(Stored data)
____________

Lemma count_le_mismatch_r (f g : pred T) :
  count g s <= count f s + count (fun x => f x != g x) s.
Proof. by apply: count_le_add => x; case: (f x); case: (g x). Qed.

End CountPointwise.

Lemma count_iota_sub (f : pred nat) a m b l :
  a <= b -> b + l <= a + m -> count f (iota b l) <= count f (iota a m).
Proof.
move=> le_ab le_end.
have -> : m = (b - a) + (l + (a + m - b - l)) by lia.
rewrite !iotaD !count_cat subnKC //.
lia.
Qed.

Lemma count_iota_disjoint (f : pred nat) a1 l1 a2 l2 m :
  a1 + l1 <= a2 -> a2 + l2 <= m ->
  count f (iota a1 l1) + count f (iota a2 l2) <= count f (iota 0 m).
Proof.
move=> le12 le2m.
have -> : m = a1 + (l1 + ((a2 - a1 - l1) + (l2 + (m - a2 - l2)))) by lia.
rewrite !iotaD !count_cat /= add0n.
have -> : a1 + l1 + (a2 - a1 - l1) = a2 by lia.
lia.
Qed.

Lemma count_iota_const (f : pred nat) a l (v : bool) :
  (forall x, a <= x < a + l -> f x = v) -> count f (iota a l) = v * l.
Proof.
move=> f_v; rewrite (@eq_in_count _ _ (fun _ => v)); last first.
  by move=> x; rewrite mem_iota; apply: f_v.
by case: v {f_v}; [rewrite count_predT size_iota mul1n | rewrite count_pred0].
Qed.

(** * The periodic front tag *)

Section ResiduesInWindows.
Variables (P c d : nat).
Hypothesis c_ltP : c < P.

Let residue x := (x + d) %% P == c.

Lemma count_residue_period a : count residue (iota a P) = 1.
Proof.
have -> : count residue (iota a P) = count (fun y => y %% P == c) (iota (d + a) P).
  by rewrite iotaDl count_map; apply: eq_count => x /=; rewrite /residue addnC.
elim: (d + a) => [|m IH].
  rewrite (@eq_in_count _ _ (pred1 c)); last first.
    by move=> y; rewrite mem_iota => /andP [_ y_lt]; rewrite modn_small.
  by rewrite count_uniq_mem ?iota_uniq // mem_iota c_ltP.
case: P c_ltP IH => // P' _ IH.
rewrite -[X in iota m.+1 X]addn1 iotaD count_cat /= addSnnS modnDr.
move: IH => /=; lia.
Qed.

Lemma count_residue_periods a j : count residue (iota a (j * P)) = j.
Proof.
elim: j a => [|j IH] a //.
by rewrite mulSn iotaD count_cat count_residue_period IH add1n.
Qed.

Lemma count_residue_ge a j l : j * P <= l -> j <= count residue (iota a l).
Proof.
move=> le_jl; rewrite -{1}(count_residue_periods a j).
by apply: count_iota_sub; lia.
Qed.

Lemma count_residue_le a l : count residue (iota a l) <= l %/ P + 1.
Proof.
rewrite {1}(divn_eq l P) iotaD count_cat count_residue_periods leq_add2l.
rewrite -(count_residue_period (a + l %/ P * P)).
apply: count_iota_sub => //; rewrite leq_add2l ltnW // ltn_pmod //; lia.
Qed.

End ResiduesInWindows.
Lemma bin_mul_expn_le_expR {R : realType} (n m : nat) :
  ('C(n, m) * m ^ m)%:R <= (n ^ m)%:R * expR m%:R :> R.
Proof.
have bin_fact : ('C(n, m) * m`!)%:R <= (n ^ m)%:R :> R.
  by rewrite ler_nat bin_ffact ffact_leq_expn.
rewrite natrM natrX.
apply: le_trans (ler_wpM2l (ler0n _ _) (expn_self_le_expR_fact m)) _.
by rewrite mulrCA -natrM mulrC ler_wpM2r ?expR_ge0.
Qed.

Lemma bin_expn2_le {R : realType} (j k : nat) : (k <= j)%N ->
  'C(2 ^ j, 2 ^ k)%:R <= 2 ^+ ((j - k) * 2 ^ k) * expR (2 ^ k)%:R :> R.
Proof.
move=> le_kj; set m := (2 ^ k)%N.
have mm_gt0 : 0 < (m ^ m)%:R :> R by rewrite ltr0n !expn_gt0.
rewrite -(ler_pM2r mm_gt0) -natrM (le_trans (bin_mul_expn_le_expR _ _)) //.
have -> : ((2 ^ j) ^ m = 2 ^ ((j - k) * m) * m ^ m)%N.
  by rewrite -!expnM -expnD -mulnDl subnK.
by rewrite natrM natrX mulrAC.
Qed.

Theorem lemma4p3 :
  (* (i) Gaussian tail bound *)
  (forall (d : measure_display) (T : measurableType d) (R : realType)
     (P : probability T R) (w : {RV P >-> R}),
     std_gaussian w ->
     forall x : R, 0 < x ->
       (P [set t | (x <= `|w t|)%R]
        <= (2 * expR (- (x ^+ 2) / 2) / (Num.sqrt (2 * pi) * x))%:E)%E)
  /\
  (* (ii) tail bound for the 2^k-th largest of 2^j i.i.d. |N(0,1)| *)
  (forall (d : measure_display) (T : measurableType d) (R : realType)
     (P : probability T R) (j k : nat), (k < j)%N ->
     forall xi : 'I_(2 ^ j) -> {RV P >-> R},
       mutually_independent xi ->
       (forall i, std_gaussian (xi i)) ->
       forall K : R, 1 <= K ->
         (P [set t | (K * Num.sqrt ((j - k)%:R)
                      <= nonincr_abs_rearr (fun i => xi i t) (2 ^ k))%R]
          <= ((2 * expR (- (K ^+ 2) / 2)) ^+ ((j - k) * 2 ^ k)
              * expR ((2 ^ k)%:R))%:E)%E).
Proof.
split.
- move=> d T R P w gw x x0.
  by rewrite std_gaussian_abs_ge //; exact: normal_prob01_abs_ge.
- move=> d T R P j k lt_kj xi indep gauss K K_ge1.
  set m := (2 ^ k)%N; set a := K * Num.sqrt (j - k)%:R.
  have sqrt_ge1 : 1 <= Num.sqrt (j - k)%:R :> R.
    by rewrite -[X in X <= _]sqrtr1 ler_sqrt // ler1n subn_gt0.
  have a_ge1 : 1 <= a by rewrite /a; nra.
  have tail i :
      (P (xi i @^-1` [set y | (a <= `|y|)%R]) <= (expR (- (a ^+ 2) / 2))%:E)%E.
    by rewrite std_gaussian_abs_ge //; exact: normal_prob01_abs_ge_expR.
  have m_range : (0 < m <= 2 ^ j)%N.
    by rewrite expn_gt0 leq_exp2l // (ltnW lt_kj).
  have -> : [set t | a <= nonincr_abs_rearr (fun i => xi i t) m]
      = [set t | exists S : {set _},
                 #|S| = m /\ forall i, i \in S -> a <= `|xi i t|].
    by apply/seteqP; split => t /(nonincr_abs_rearr_geP _ _ _ m_range).
  have := prob_exists_card_all_in_le indep (measurable_set_abs_ge a) tail m.
  move=> /le_trans; apply.
  have tail_pow :
      expR (- (a ^+ 2) / 2) ^+ m = expR (- (K ^+ 2) / 2) ^+ ((j - k) * m).
    have -> : - (a ^+ 2) / 2 = (j - k)%:R * (- (K ^+ 2) / 2).
      by rewrite exprMn sqr_sqrtr ?ler0n //; ring.
    by rewrite expRM_natl -exprM.
  rewrite lee_fin tail_pow exprMn [X in _ <= X]mulrAC.
  by rewrite ler_wpM2r ?exprn_ge0 ?expR_ge0 // bin_expn2_le // ltnW.
Qed.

____________

• [WHAT IS NEEDED]: From the line containing "expR (- (a ^+ 2) / 2) ^+" to the last line of the data above, copy each line exactly and add nothing.

• [EXERCISE ANSWER]:
      expR (- (a ^+ 2) / 2) ^+ m = expR (- (K ^+ 2) / 2) ^+ ((j - k) * m).
    have -> : - (a ^+ 2) / 2 = (j - k)%:R * (- (K ^+ 2) / 2).
      by rewrite exprMn sqr_sqrtr ?ler0n //; ring.
    by rewrite expRM_natl -exprM.
  rewrite lee_fin tail_pow exprMn [X in _ <= X]mulrAC.
  by rewrite ler_wpM2r ?exprn_ge0 ?expR_ge0 // bin_expn2_le // ltnW.
Qed.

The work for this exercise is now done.